I am analyzing data from cancer patients that underwent surgery for cancer removal. During surgery, the surgeon checked a variable number of lymph nodes to see how many had cancer in them. This is reported as the number of cancer positive lymph nodes ($a$)and cancer negative lymph nodes ($b$) and can be expressed as the lymph node ratio ($\frac{a}{a+b}$) that is the proportion of lymph nodes positive for cancer in that patient. It is important to note that the total number of lymph nodes checked for each patient varies significant (from 1 to 109).
I want to correlate the lymph node ratio with a molecular feature like gene mutation. Each patient either has or does not have the gene mutation. The idea is that higher lymph node ratio is an indicator of poor prognosis and we want to see if the gene mutation is associated with more aggressive tumors.
My initial thought was to use a t-test or wilcoxon test, but based on my (limited) knowledge of the beta distribution, I think simply using the ratio is throwing away information about the ratio's uncertainty for each patient that is inherent to the count data. This makes me thing beta regression is possibly the better approach.
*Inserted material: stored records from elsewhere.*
(* Let $X:\mathbb{N}\to\mathbf{Set}_*$ be a tower of pointed sets. Then the functors $G(X,-),H(X,-):\mathbf{Ab}\to\mathbf{Ab}$ are left exact. If moreover $X$ satisfies the Mittag-Leffler condition, then $G(X,-)$ and $H(X,-)$ are exact.
   Context: $\mathbb{N}$ is regarded as a category with a single morphism $n\to m$ whenever $n\ge m$; $\phi_{n,m}:X(n)\to X(m)$ are the structure maps. For a pointed set $Y$, $Y\wedge A:=\bigoplus_{Y\setminus\{*\}}A$ (finitely supported pointed maps $Y\to A$), functorial in $Y$ via $f_*(sv)=f(s)v$ and in $A$ coordinatewise, where $sv$ is the element with value $v$ at $s$ ($*v=0$). $G(X,A):=\lim_\mathbb{N}(X\wedge A)$; $K(X,A)$ is the image of the injective natural map $\rho:(\lim_\mathbb{N}X)\wedge A\to G(X,A)$, $\rho(xv)(n)=x(n)v$; $H(X,A):=G(X,A)/K(X,A)$. $X$ satisfies the Mittag-Leffler condition if for every $n$ there is $s\ge n$ such that $\mathrm{Im}(X(s)\to X(n))=\mathrm{Im}(X(r)\to X(n))$ for all $r\ge s$. *)

From HB Require Import structures.
From mathcomp Require Import all_boot all_order all_algebra.
From mathcomp Require Import boolp classical_sets functions cardinality fsbigop.
Import Order.TTheory GRing.Theory.
Local Open Scope classical_set_scope.
Local Open Scope ring_scope.

(** A tower of pointed sets X : N -> Set_* , given by its carriers, base
    points and the structure maps phi_{n+1,n} (which generate all phi_{n,m}). *)
Record tower := Tower {
  carrier : nat -> Type;
  pt : forall n, carrier n;
  bond : forall n, carrier n.+1 -> carrier n;
  bond_pt : forall n, bond n (pt n.+1) = pt n }.
Arguments carrier t n : clear implicits.
Arguments pt t n : clear implicits.
Arguments bond t n _ : clear implicits.
Arguments bond_pt t n : clear implicits.

Unset Printing Implicit Defensive.

Fixpoint tmap (X : tower) (n k : nat) : carrier X (k + n) -> carrier X n :=
  match k return carrier X (k + n) -> carrier X n with
  | 0 => fun x => x
  | k'.+1 => fun x => @tmap X n k' (bond X (k' + n) x)
  end.

Definition tim (X : tower) (n k : nat) : set (carrier X n) :=
  [set tmap X n k x | x in [set: carrier X (k + n)]].

(** Mittag-Leffler: for every n there is s = n + j >= n such that for all
    r = n + k >= s, Im(X(r) -> X(n)) = Im(X(s) -> X(n)). *)
Definition mittag_leffler (X : tower) : Prop :=
  forall n, exists j, forall k, (j <= k)%N -> tim X n k = tim X n j.

(** Y /\ A : finitely supported pointed maps Y -> A (value 0 at the base point). *)
Definition wedge (Y : Type) (y0 : Y) (A : zmodType) : set (Y -> A) :=
  [set u | u y0 = 0 /\ finite_set [set y | u y != 0]].

(** functoriality in Y: f_* (s v) = f(s) v, extended additively:
    (f_* u)(z) = sum_{f(y) = z} u(y) for z <> *, and 0 at the base point. *)
Definition push (Y Z : Type) (z0 : Z) (A : zmodType) (f : Y -> Z) (u : Y -> A)
  : Z -> A :=
  fun z => if `[< z = z0 >] then 0
           else \sum_(y \in [set y : {classic Y} | f y = z]) u y.

Definition seqfun (X : tower) (A : zmodType) := forall n, carrier X n -> A.

(** G(X,A) = lim_N (X /\ A): compatible families. *)
Definition Gset (X : tower) (A : zmodType) : set (seqfun X A) :=
  [set u | (forall n, wedge (carrier X n) (pt X n) A (u n)) /\
           (forall n, push (carrier X n.+1) (carrier X n) (pt X n) A (bond X n) (u n.+1) = u n)].

Definition limT (X : tower) :=
  {x : forall n, carrier X n | forall n, bond X n (x n.+1) = x n}.
Definition limpt (X : tower) : limT X :=
  exist (fun x : forall n, carrier X n => forall n, bond X n (x n.+1) = x n)
    (fun n => pt X n) (bond_pt X).

(** rho : (lim X) /\ A -> G(X,A), rho(x v)(n) = x(n) v (extended additively),
    i.e. rho(w)(n) = (pi_n)_* w. *)
Definition rho (X : tower) (A : zmodType) (w : limT X -> A) : seqfun X A :=
  fun n => push (limT X) (carrier X n) (pt X n) A (fun x : limT X => proj1_sig x n) w.

(** K(X,A) = image of rho. H(X,A) = G(X,A)/K(X,A). *)
Definition Kset (X : tower) (A : zmodType) : set (seqfun X A) :=
  [set rho X A w | w in wedge (limT X) (limpt X) A].

Definition Gmap (X : tower) (A B : zmodType) (f : A -> B) (u : seqfun X A)
  : seqfun X B := fun n t => f (u n t).
Arguments Gmap {X A B} f u.

Definition sfzero (X : tower) (A : zmodType) : seqfun X A := fun _ _ => 0.
Definition sfsub (X : tower) (A : zmodType) (u v : seqfun X A) : seqfun X A :=
  fun n t => u n t - v n t.
Arguments sfsub {X A} u v.

Definition left_exact_seq (A B C : zmodType) (f : A -> B) (g : B -> C) : Prop :=
  injective f /\ (forall b, g b = 0 <-> exists a, f a = b).
Definition short_exact_seq (A B C : zmodType) (f : A -> B) (g : B -> C) : Prop :=
  left_exact_seq A B C f g /\ (forall c, exists b, g b = c).
Arguments left_exact_seq {A B C} f g.
Arguments short_exact_seq {A B C} f g.

(** G(X,-) is well defined on f (G(X,f) maps G(X,A) into G(X,B), and
    K(X,A) into K(X,B), so H(X,f) = G(X,f) mod K is well defined). *)
Definition G_welldef (X : tower) (A B : zmodType) (f : A -> B) : Prop :=
  (forall u, Gset X A u -> Gset X B (Gmap f u)) /\
  (forall u, Kset X A u -> Kset X B (Gmap f u)).
Arguments G_welldef X {A B} f.

Definition G_left_exact (X : tower) (A B C : zmodType) (f : A -> B) (g : B -> C)
  : Prop :=
  (forall u, Gset X A u -> Gmap f u = sfzero X B -> u = sfzero X A) /\
  (forall u, Gset X A u -> Gmap g (Gmap f u) = sfzero X C) /\
  (forall v, Gset X B v -> Gmap g v = sfzero X C ->
     exists u, Gset X A u /\ Gmap f u = v).
Arguments G_left_exact X {A B C} f g.

Definition G_surj (X : tower) (B C : zmodType) (g : B -> C) : Prop :=
  forall w, Gset X C w -> exists v, Gset X B v /\ Gmap g v = w.
Arguments G_surj X {B C} g.

(** 0 -> H(X,A) -> H(X,B) -> H(X,C) exact, with H = G/K written out:
    the class [u] of u in G(X,A) is zero iff u lies in K(X,A). *)
Definition H_left_exact (X : tower) (A B C : zmodType) (f : A -> B) (g : B -> C)
  : Prop :=
  (forall u, Gset X A u -> Kset X B (Gmap f u) -> Kset X A u) /\
  (forall u, Gset X A u -> Kset X C (Gmap g (Gmap f u))) /\
  (forall v, Gset X B v -> Kset X C (Gmap g v) ->
     exists u, Gset X A u /\ Kset X B (sfsub v (Gmap f u))).
Arguments H_left_exact X {A B C} f g.

Definition H_surj (X : tower) (B C : zmodType) (g : B -> C) : Prop :=
  forall w, Gset X C w -> exists v, Gset X B v /\ Kset X C (sfsub w (Gmap g v)).
Arguments H_surj X {B C} g.

(** All constructions are pointwise in the coefficient group, so everything
    reduces to two facts about the pushforward [push f u] of a finitely
    supported pointed function [u] along a map [f] (the functoriality
    [f_*] of [Y /\ A] in [Y]):
    - it is additive, functorial ([(h o f)_* = h_* o f_*]), commutes with
      additive maps of coefficients, and is supported in the image of the
      support of [u];
    - for [w] finitely supported on [lim X], every nonzero coefficient [w x]
      reappears as [rho(w)(n)(x(n))] for [n] large, since the finitely many
      points of the support of [w] are separated at a finite level.
    Left exactness of G(X,-) is then pointwise; for H(X,-) = G/K, the second
    fact shows that K(X,h u) is the image under h of an element of K.
    Under Mittag-Leffler, the stable images [cap_k Im(X(n+k) -> X(n))] map
    onto each other, so a compatible family of lifts of [w in G(X,C)]
    supported on stable points is built level by level (dependent choice),
    correcting at each level by pushing the defect along a section of
    [X(n+1) -> X(n)] over the stable points.  This gives surjectivity of
    G(X,B) -> G(X,C), and H(X,B) -> H(X,C) follows. *)

From HB Require Import structures.
From mathcomp Require Import all_boot all_order all_algebra.
From mathcomp Require Import boolp classical_sets functions cardinality fsbigop.
Import GRing.Theory.
Local Open Scope classical_set_scope.
Local Open Scope ring_scope.
Set Implicit Arguments.
Unset Strict Implicit.

Definition supp {A : zmodType} {T : Type} (u : T -> A) : set T := [set t | u t != 0].

Lemma finite_supp_map (A B : zmodType) (T : Type) (h : A -> B) (u : T -> A) :
  h 0 = 0 -> finite_set (supp u) -> finite_set (supp (fun t => h (u t))).
Proof. by move=> h0; apply: sub_finite_set => t /=; apply: contraNneq => ->; rewrite h0. Qed.

Lemma finite_supp_map2 (A B C : zmodType) (T : Type) (h : A -> B -> C)
    (u : T -> A) (v : T -> B) :
  h 0 0 = 0 -> finite_set (supp u) -> finite_set (supp v) ->
  finite_set (supp (fun t => h (u t) (v t))).
Proof.
move=> h00 fu fv; apply: (@sub_finite_set _ _ (supp u `|` supp v)).
  2: by rewrite finite_setU.
move=> t /= huv; apply: contrapT => /not_orP[/negP/negPn/eqP u0 /negP/negPn/eqP v0].
by rewrite /supp /= u0 v0 h00 eqxx in huv.
Qed.

(** A finite set is listed by a duplicate-free sequence; this turns the
    finitely supported sums of [push] into ordinary big sums. *)
Lemma finite_enum (T : Type) (S : set T) : finite_set S ->
  exists r : seq {classic T}, uniq r /\ forall t, S t <-> t \in r.
Proof.
move=> fS; exists (finmap.enum_fset (fset_set (S : set {classic T}))).
split; first exact: finmap.fset_uniq.
by move=> t; rewrite (@in_fset_set {classic T} S fS) in_setE.
Qed.

Section Pushforward.
Variable A : zmodType.

Lemma push_pt (Y Z : Type) (z0 : Z) (f : Y -> Z) (u : Y -> A) :
  push Y Z z0 A f u z0 = 0.
Proof. by rewrite /push; case: asboolP. Qed.

Lemma push_seq (Y Z : Type) (z0 : Z) (f : Y -> Z) (u : Y -> A)
    (r : seq {classic Y}) (z : Z) :
  uniq r -> (forall y, u y != 0 -> y \in r) -> z <> z0 ->
  push Y Z z0 A f u z = \sum_(y <- r | `[< f y = z >]) u y.
Proof.
move=> ur hr nz; rewrite /push; case: asboolP => // _.
rewrite (@fsbigE _ _ _ {classic Y} _ (filter (fun y : {classic Y} => `[< f y = z >]) r)).
- rewrite big_filter_cond; apply: eq_bigl => y.
  by case: asboolP => h; rewrite ?andbF /= ?andbT //; apply: mem_set.
- exact: filter_uniq.
- by move=> y /=; rewrite mem_filter => /andP[/asboolP].
- move=> y fy; rewrite mem_filter; apply: contraNeq => uy.
  by rewrite hr // andbT; apply/asboolP.
Qed.

Lemma push_nz (Y Z : Type) (z0 : Z) (f : Y -> Z) (u : Y -> A) (z : Z) :
  push Y Z z0 A f u z != 0 -> z <> z0 /\ exists y, f y = z /\ u y != 0.
Proof.
rewrite /push; case: asboolP => [_|nz h]; first by rewrite eqxx.
split => //; apply: contra_notP (negP h) => none; apply/eqP; apply: fsbig1 => y /= fy.
by apply/eqP; apply: contra_notT none => uy; exists y.
Qed.

Lemma push_fin (Y Z : Type) (z0 : Z) (f : Y -> Z) (u : Y -> A) :
  finite_set (supp u) -> finite_set (supp (push Y Z z0 A f u)).
Proof.
move=> fu; apply: (sub_finite_set _ (finite_image f fu)) => z hz.
by have [_ [y [fy uy]]] := push_nz hz; exists y.
Qed.

Lemma push_zero (Y Z : Type) (z0 : Z) (f : Y -> Z) :
  push Y Z z0 A f (fun _ => 0) = fun _ => 0.
Proof. by apply: funext => z; rewrite /push; case: asboolP => // _; exact: fsbig1. Qed.

Lemma push_add (Y Z : Type) (z0 : Z) (f : Y -> Z) (u v : Y -> A) :
  finite_set (supp u) -> finite_set (supp v) ->
  push Y Z z0 A f (fun y => u y + v y) =
  fun z => push Y Z z0 A f u z + push Y Z z0 A f v z.
Proof.
move=> fu fv; have [|r [ur hr]] := @finite_enum _ (supp u `|` supp v).
  by rewrite finite_setU.
have hu y : u y != 0 -> y \in r by move=> h; apply/hr; left.
have hv y : v y != 0 -> y \in r by move=> h; apply/hr; right.
have huv y : u y + v y != 0 -> y \in r.
  move=> h; apply/hr; have [u0|] := eqVneq (u y) 0; last by left.
  by right; move: h; rewrite u0 add0r.
apply: funext => z; have [->|nz] := pselect (z = z0); first by rewrite !push_pt addr0.
by rewrite !(push_seq f ur) // -big_split.
Qed.

Lemma sum_pick (T : eqType) (r : seq T) (u : T -> A) (a : T) :
  uniq r -> (u a != 0 -> a \in r) ->
  \sum_(x <- r) (if x == a then u x else 0) = u a.
Proof.
move=> ur ha; have [ar|nar] := boolP (a \in r).
  by rewrite (bigD1_seq a) //= eqxx big1 ?addr0 // => i /negPf ->.
have -> : u a = 0 by apply/eqP; apply: contraNT nar.
by rewrite big1_seq // => i /andP[_ ir]; case: eqP => // eia; rewrite -eia ir in nar.
Qed.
I have found the beta regression library in R (betareg) that performs beta regression, but this accepts the outcome variable as a ratio. I can't tell how to incorporate the total number of lymph nodes into the estimation procedure or if this is even possible with beta regression. I wasn't sure if it would be appropriate to set the weights parameter to be the total number of lymph nodes in a similar fashion to how logistic regression with aggregate data is performed with glm.
Can the total number of successes and failures be incorporated into beta regression, and if so how?